- Born: October 27, 1970 Seattle, Washington, U.S.
- Died: June 8, 2018 (aged 47) West Seattle
- Occupation(s): Skateboarder, Skatepark builder, artist

= Mark "Monk" Hubbard =

American skatepark builder (1970–2018)

Mark "Monk" Hubbard (October 27, 1970 – June 8, 2018) was a skateboarder, artist, skatepark builder, and founder of Grindline Skateparks.

== Early life ==
Hubbard was born in West Seattle in 1970 and received his first skateboard in 1975 for his fifth birthday.

== Skatepark building ==
In regards to skateparks, Hubbard believed in DIY skate spots and building one's own skateboarding paradise, stating that there is nothing that compares to riding an obstacle you've built. Monk was involved in the Burnside Skatepark project.

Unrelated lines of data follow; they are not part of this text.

(* Let $G$ be a signed digraph on vertex set $\{1,\dots,n\}$ and let $H$ be a spanning subgraph of $G$ such that (i) $G$ has no arc from a sink of $H$ to a source of $H$, and (ii) $G$ has no arc (from any vertex) to a vertex that is isolated in $H$. Let $A$ be the set of sources of $H$ that are not sources of $G$, and $B$ the set of sinks of $H$ that are not sinks of $G$. Let $h:Y\to Y$ be a degree-bounded finite dynamical system on $H$ and let $\xi\in Y$. Then there exists a degree-bounded finite dynamical system $f:X\to X$ on $G$, with $Y\subseteq X$, such that: (1) $f(X)\subseteq Y$; (2) $f_i(X)\subseteq h_i(Y)$ for all $i\notin A$; (3) $f(x)=h(x)$ for all $x\in Y$ with $x_i=\xi_i$ for all $i\in B$; (4) $f_i(x)=h_i(x)$ for all $x\in Y$ and all vertices $i$ with $G_i\cap B=\emptyset$.
   Context: A finite dynamical system (FDS) with $n$ components is a map $f=(f_1,\dots,f_n):X\to X$ where $X=X_1\times\cdots\times X_n$ and each $X_i$ is a nonempty finite interval of integers. A signed digraph is a pair $G=(V,E)$ with $E\subseteq V\times V\times\{+,-\}$; $(j,i,s)\in E$ is an arc from $j$ to $i$ of sign $s$ (loops allowed; $G$ may have both a positive and a negative arc from $j$ to $i$). $G_i$ denotes the set of $j$ having an arc to $i$ in $G$. In-degree $d^{\mathrm{in}}_G(i)$ and out-degree $d^{\mathrm{out}}_G(i)$ count arcs entering/leaving $i$, positive and negative arcs counted separately. A source has in-degree $0$, a sink out-degree $0$, an isolated vertex both. A spanning subgraph has the same vertex set and a subset of the arcs. The interaction graph of an FDS $f$ is the signed digraph on $\{1,\dots,n\}$ with a positive (resp. negative) arc from $j$ to $i$ iff there is $x\in X$ with $x_j<\max(X_j)$ and $f_i(x+e_j)-f_i(x)$ positive (resp. negative), $e_j$ the $j$-th unit vector; $f$ is an FDS on $G$ if $G$ is its interaction graph. $f$ is degree-bounded if, with $G$ its interaction graph, for every $i$: $|X_i|=2$ if $d^{\mathrm{out}}_G(i)=0<d^{\mathrm{in}}_G(i)$, and $|X_i|\le d^{\mathrm{out}}_G(i)+1$ otherwise. *)

From mathcomp Require Import all_boot all_order all_algebra.
Set Implicit Arguments. Unset Strict Implicit. Unset Printing Implicit Defensive.
Import Order.TTheory GRing.Theory Num.Theory.
Local Open Scope ring_scope.
(* Let $\mathfrak{R}$ be a complete rewriting system on $\Sigma$ and let $(w,r_1,r_2)$ be a triple, where $\ell_1$ and $\ell_2$ denote the left-hand sides of the rules $r_1$ and $r_2$ respectively. If $\mathrm{pre}(\ell_2)\cap\mathrm{suf}(\ell_1)=\emptyset$ or $\mathrm{pre}(\ell_1)\cap\mathrm{suf}(\ell_2)=\emptyset$, then the triple $(w,r_1,r_2)$ is $\tilde c$-defined.
   Context: $\Sigma^*$ is the free monoid on $\Sigma$; a rewriting system is a set of rules $l\to r$ with $l,r\in\Sigma^*$, complete meaning terminating and confluent; a rule $l\to r$ can be applied to a word if $l$ is a subword (factor) of it. A triple $(w,r_1,r_2)$ consists of a word $w$ and rules $r_1,r_2\in\mathfrak{R}$ such that $r_1$ can be applied to some cyclic conjugate of $w$ and $r_2$ can be applied to some (possibly different) cyclic conjugate of $w$ (cyclic conjugates taken in $\Sigma^*$: $ab$ and $ba$). The triple is $\tilde c$-defined if some single cyclic conjugate of $w$ admits application of both $r_1$ and $r_2$. For a word $w=x_1x_2\cdots x_k$ with letters $x_i\in\Sigma$, $\mathrm{pre}(w)=\{x_1,x_1x_2,\dots,x_1\cdots x_k\}$ (nonempty prefixes) and $\mathrm{suf}(w)=\{x_k,x_{k-1}x_k,\dots,x_1\cdots x_k\}$ (nonempty suffixes). *)

From mathcomp Require Import all_boot.
From Stdlib Require Import Relations.
Set Implicit Arguments. Unset Strict Implicit. Unset Printing Implicit Defensive.

Section Rewriting.
Variable Sigma : finType.

(* A rule l -> r, with l the left-hand side (.1) and r the right-hand side (.2). *)
Definition rule := (seq Sigma * seq Sigma)%type.

Definition rewriting_system := rule -> Prop.

Definition rw_step (R : rewriting_system) (u v : seq Sigma) : Prop :=
  exists (x y : seq Sigma) (rl : rule), R rl /\ u = x ++ rl.1 ++ y /\ v = x ++ rl.2 ++ y.

Definition rw_star (R : rewriting_system) := clos_refl_trans (seq Sigma) (rw_step R).

Definition terminating (R : rewriting_system) : Prop :=
  well_founded (fun v u => rw_step R u v).

Definition confluent (R : rewriting_system) : Prop :=
  forall u v1 v2, rw_star R u v1 -> rw_star R u v2 ->
    exists z, rw_star R v1 z /\ rw_star R v2 z.

Definition complete (R : rewriting_system) : Prop := terminating R /\ confluent R.

Definition applicable (rl : rule) (u : seq Sigma) : bool := infix rl.1 u.

(* cyclic conjugates of w are the rotations rot i w *)
Definition is_triple (R : rewriting_system) (w : seq Sigma) (r1 r2 : rule) : Prop :=
  R r1 /\ R r2 /\
  (exists i, applicable r1 (rot i w)) /\ (exists j, applicable r2 (rot j w)).

Definition ctilde_defined (w : seq Sigma) (r1 r2 : rule) : Prop :=
  exists i, applicable r1 (rot i w) && applicable r2 (rot i w).

Definition pre (u : seq Sigma) : pred (seq Sigma) := fun p => (p != [::]) && prefix p u.
Definition suf (u : seq Sigma) : pred (seq Sigma) := fun p => (p != [::]) && suffix p u.

Definition disjoint_pred (A B : pred (seq Sigma)) : Prop := forall p, ~ (A p && B p).

End Rewriting.

From mathcomp Require Import all_boot.

(* Rotate w so that it ends with l1, giving v = x ++ y; every rotation of w is
   then y ++ x for some such split.  If l2 is a factor of y ++ x but of neither
   y nor x, it begins with a nonempty suffix s of v.  As s is not a suffix of
   l1, l1 is a suffix of s, hence a factor of l2, so the rotation containing
   l2 contains l1 too. *)

Section Words.
Variable T : eqType.
Implicit Types a b c d l s u w x y : seq T.

Lemma cat_eq_cat a b c d : a ++ b = c ++ d ->
  exists m, (a = c ++ m /\ d = m ++ b) \/ (c = a ++ m /\ b = m ++ d).
Proof.
elim: a c => [|x a IH] [|y c] /=.
- by move=> ->; exists [::]; right.
- by move=> ->; exists (y :: c); right.
- by move=> <-; exists (x :: a); left.
- by case=> -> /IH [m [[-> ->]|[-> ->]]]; exists m; [left|right].
Qed.

Lemma suffix_cat_total s u l : suffix s (u ++ l) -> suffix s l || suffix l s.
Proof.
case/suffixP=> p /cat_eq_cat [m [[_ ->]|[_ ->]]].
- by rewrite suffix_suffix orbT.
- by rewrite suffix_suffix.
Qed.

Lemma infix_cat_cases l y x : infix l (y ++ x) ->
  [\/ infix l y, infix l x | exists2 s, s != [::] & prefix s l && suffix s y].
Proof.
case/infixP=> a [b /cat_eq_cat [m [[-> /esym]|[_ ->]]]]; last first.
  by constructor 2; apply: infix_infix.
case/cat_eq_cat=> m' [[-> _]|[-> ->]]; first by constructor 1; apply: infix_infix.
case: m => [|z m]; first by constructor 2; apply: prefix_infix.
by constructor 3; exists (z :: m); rewrite // prefix_prefix suffix_suffix.
Qed.

Lemma rot_of_rot w i j : exists k, rot i (rot j w) = rot k w.
Proof. by rewrite rot_rot_add; eexists. Qed.

Lemma rot_to_rot w i j : exists k, rot i w = rot k (rot j w).
Proof. by rewrite -{1}(rotK j w) /rotr rot_rot_add; eexists. Qed.

Lemma infix_rot_suffix w l i : infix l (rot i w) -> exists k u, rot k w = u ++ l.
Proof.
case/infixP=> a [b wi]; have [k wk] := rot_of_rot w (size (a ++ l)) i.
by exists k, (b ++ a); rewrite -wk wi catA rot_size_cat catA.
Qed.

Lemma infix_rot_common w l1 l2 :
  (forall s, s != [::] -> prefix s l2 -> ~~ suffix s l1) ->
  (exists i, infix l1 (rot i w)) -> (exists j, infix l2 (rot j w)) ->
  exists i, infix l1 (rot i w) && infix l2 (rot i w).
Proof.
move=> D [i /infix_rot_suffix [k [u wk]]] [j l2j].
have l1k : infix l1 (rot k w) by rewrite wk suffix_infix.
have [t wj] := rot_to_rot w j k.
move: (l2j); rewrite wj /rot => /infix_cat_cases [l2k | l2k | [s s0 /andP [s_l2 s_k]]].
- exists k; rewrite l1k; exact: infix_trans l2k (suffixW (suffix_drop _ _)).
- exists k; rewrite l1k; exact: infix_trans l2k (infix_take _ _).
have /suffix_cat_total /orP [s_l1 | l1_s] : suffix s (u ++ l1).
  by rewrite -wk (suffix_trans s_k (suffix_drop _ _)).
- by move: s_l1; rewrite (negPf (D s s0 s_l2)).
- exists j; rewrite l2j andbT; apply: infix_trans l2j.
  exact: infix_trans (suffixW l1_s) (prefixW s_l2).
Qed.

End Words.

Theorem lemma5p2 (Sigma : finType) (R : rewriting_system Sigma)
  (w : seq Sigma) (r1 r2 : rule Sigma) :
  complete R -> is_triple R w r1 r2 ->
  disjoint_pred (pre r2.1) (suf r1.1) \/ disjoint_pred (pre r1.1) (suf r2.1) ->
  ctilde_defined w r1 r2.
Proof.
move=> _ [_ [_ [app1 app2]]]; rewrite /ctilde_defined /applicable.
have pre_suf (l l' : seq Sigma) : disjoint_pred (pre l) (suf l') ->
    forall s, s != [::] -> prefix s l -> ~~ suffix s l'.
  move=> D s s0 s_l; apply/negP=> s_l'.
  by apply: (D s); rewrite /pre /suf s0 s_l s_l'.
case=> /pre_suf D; first exact: infix_rot_common.
have [i both] := @infix_rot_common _ w _ _ D app2 app1.
by exists i; rewrite andbC.
Qed.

=== Grindline Skateparks ===
On January 26, 2000 Monk founded Grindline Skateparks. As of 2015, Grindline had built over 300 parks across the world. During his life, Hubbard helped design and build hundreds of skate parks. Some consider Monk to be the originator of the modern skate park design.

==== Wounded Knee 4-Directions Toby Eagle Bull Memorial Skatepark ====
Hubbard was part of the core group, alongside Pine Ridge Native Walt Pourier, Jim Murphy, and Jeff Ament, that originated the idea to build the Wounded Knee 4-Directions Toby Eagle Bull Memorial Skatepark on the Pine Ridge Indian Reservation. Grindline designed and constructed the skatepark, completing the park in 2011.

=== Skatepark Highway System ===
In 2015, Hubbard predicted a future where major cities provide a skatepark system highway, intentionally connecting the skateparks.